Comment Re:Time for new terminology (Score 1) 635

"Radically altering the composition of the atmosphere ..." Really? Imagine a stadium of 100,000 people, each assigned a molecule present in dry air. 79,090 would be nitrogen. 20,950 would be oxygen. 930 would be argon. 39 would be CO2. Of the 39 CO2 people, 36 would have resulted from natural activity, and 3 would be because of human activity. 3 out of 100,000 is not a radical change, especially when the fossil record shows concentrations in the 5000 ppm range.

You're numbers are a bit off. More like 40 would be CO2, 28 would be from nature and 12 would be from human activity.

Just because the concentration of CO2 in the atmosphere is small doesn't mean it isn't significant. If I put you in a room with a concentration of just 270 ppm of hydrogen cyanide gas you would be dead within minutes.

Comment Re:It's getting hotter still! (Score 1) 635

Your response is just makes it evident that politics are more important to you than the science. The various "dire" predictions are materializing on schedule or in some cases ahead of schedule and you would know that if you paid attention to the science. Yes, there have been a few hyperbolic statements here and there but they are not mainstream science.
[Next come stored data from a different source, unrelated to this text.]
Definition coupling {R : realType} {d1 d2 : measure_display}
  {T1 : measurableType d1} {T2 : measurableType d2}
  (muX : probability T1 R) (muY : probability T2 R)
  (pi : probability (T1 * T2)%type R) : Prop :=
  (forall A : set T1, measurable A -> pi (A `*` [set: T2]) = muX A) /\
  (forall B : set T2, measurable B -> pi ([set: T1] `*` B) = muY B).

Definition LUh {R : realType} {d1 d2 : measure_display}
  {T1 : measurableType d1} {T2 : measurableType d2}
  (dX : T1 -> T1 -> R) (muX : probability T1 R)
  (dY : T2 -> T2 -> R) (muY : probability T2 R) : \bar R :=
  ereal_inf [set (\int[pi]_z hcost dX muX dY muY z.1 z.2)%E
            | pi in [set pi | coupling muX muY pi]].

From HB Require Import structures.
From mathcomp Require Import all_boot all_order all_algebra.
From mathcomp Require Import all_classical all_reals all_analysis.
From mathcomp Require Import ring lra measurable_realfun.
Import Order.TTheory GRing.Theory Num.Theory.
Local Open Scope classical_set_scope.
Local Open Scope ring_scope.

(* Since [hfun] is nondecreasing in the radius, the cost [hcost x y] is at least
   [e] times the discrepancy [|h_X(x,r) - h_Y(y,r)|] minus the increments of
   [h_X(x,.)] and [h_Y(y,.)] on [[r, r + e]].  By right continuity of the radius
   functions these increments are small off sets of small measure once [e] is
   small, so couplings of almost zero cost make [h_X(x,r)] and [h_Y(y,r)] close
   in probability.  Such couplings force the laws of [h_X(.,r)] and [h_Y(.,r)]
   to agree on every ray [[q, +oo[], hence on all Borel sets; the conclusion in
   fact holds for every [r > 0]. *)

Section nonnegative_integral.
Context d (T : measurableType d) (R : realType) (mu : {measure set T -> \bar R}).
Local Open Scope ereal_scope.

(* [hcost] is not known to be measurable, hence this variant of [ge0_le_integral];
   it holds because the integral of a nonnegative function is a supremum over
   the simple functions below it. *)
Lemma ge0_le_integral_nonmeasurable (D : set T) (f g : T -> \bar R) :
  (forall x, D x -> 0 <= f x) -> (forall x, D x -> f x <= g x) ->
  \int[mu]_(x in D) f x <= \int[mu]_(x in D) g x.
Proof.
move=> f0 fg.
have g0 x : D x -> 0 <= g x by move=> Dx; exact: le_trans (f0 x Dx) (fg x Dx).
rewrite !ge0_integralE//; apply: le_ereal_sup => _ [h hf <-]; exists h => // x.
apply: le_trans (hf x) _; rewrite /patch; case: ifP => // /set_mem; exact: fg.
Qed.

Lemma measure_mul_le_integral (D S : set T) (f : T -> \bar R) (k : R) :
  measurable D -> measurable S -> (0 <= k)%R ->
  (forall x, D x -> 0 <= f x) -> (forall x, D x -> S x -> k%:E <= f x) ->
  k%:E * mu (S `&` D) <= \int[mu]_(x in D) f x.
Proof.
move=> mD mS k0 f0 kf.
have mS1 : measurable_fun D (fun x => (\1_S x)%:E : \bar R).
  by apply/measurable_EFinP; exact: measurable_indic.
rewrite -integral_indic// -ge0_integralZl_EFin//.
apply: ge0_le_integral_nonmeasurable => x Dx; first by rewrite -EFinM lee_fin mulr_ge0.
rewrite indicE; case: (boolP (x \in S)) => [/set_mem Sx|_]; first by rewrite mule1 kf.
by rewrite mule0 f0.
Qed.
BTW, Al Gore's place on the coast is far enough above sea level and won't have problems with SLR for several hundred years.

Comment Re:It's getting hotter still! (Score 3, Interesting) 635

Sheesh! Sea ice has essentially zero effect on sea level whether it forms or melts. It's the land based ice like the Greenland and Antarctic ice sheets that have an effect on sea level. If you're not paying enough attention to the science to understand even that simple concept why should I think anything else you have to say is worth listening to.

Comment Re:Bullshit (Score 2) 59

Because wind. CFC molecules are not so heavy that they aren't well mixed in the atmosphere. After all water vapor molecules are quite light compared to N2 and O2. How come they don't immediately head for the stratosphere. The atmosphere isn't quiescent enough for significant stratification of the gases in it. As far as traveling to the South Pole, it's not necessary. The ozone layer has thinned out over the whole globe because of ozone depleting substances like CFC's which makes it easier for the hole over the South Pole to develop.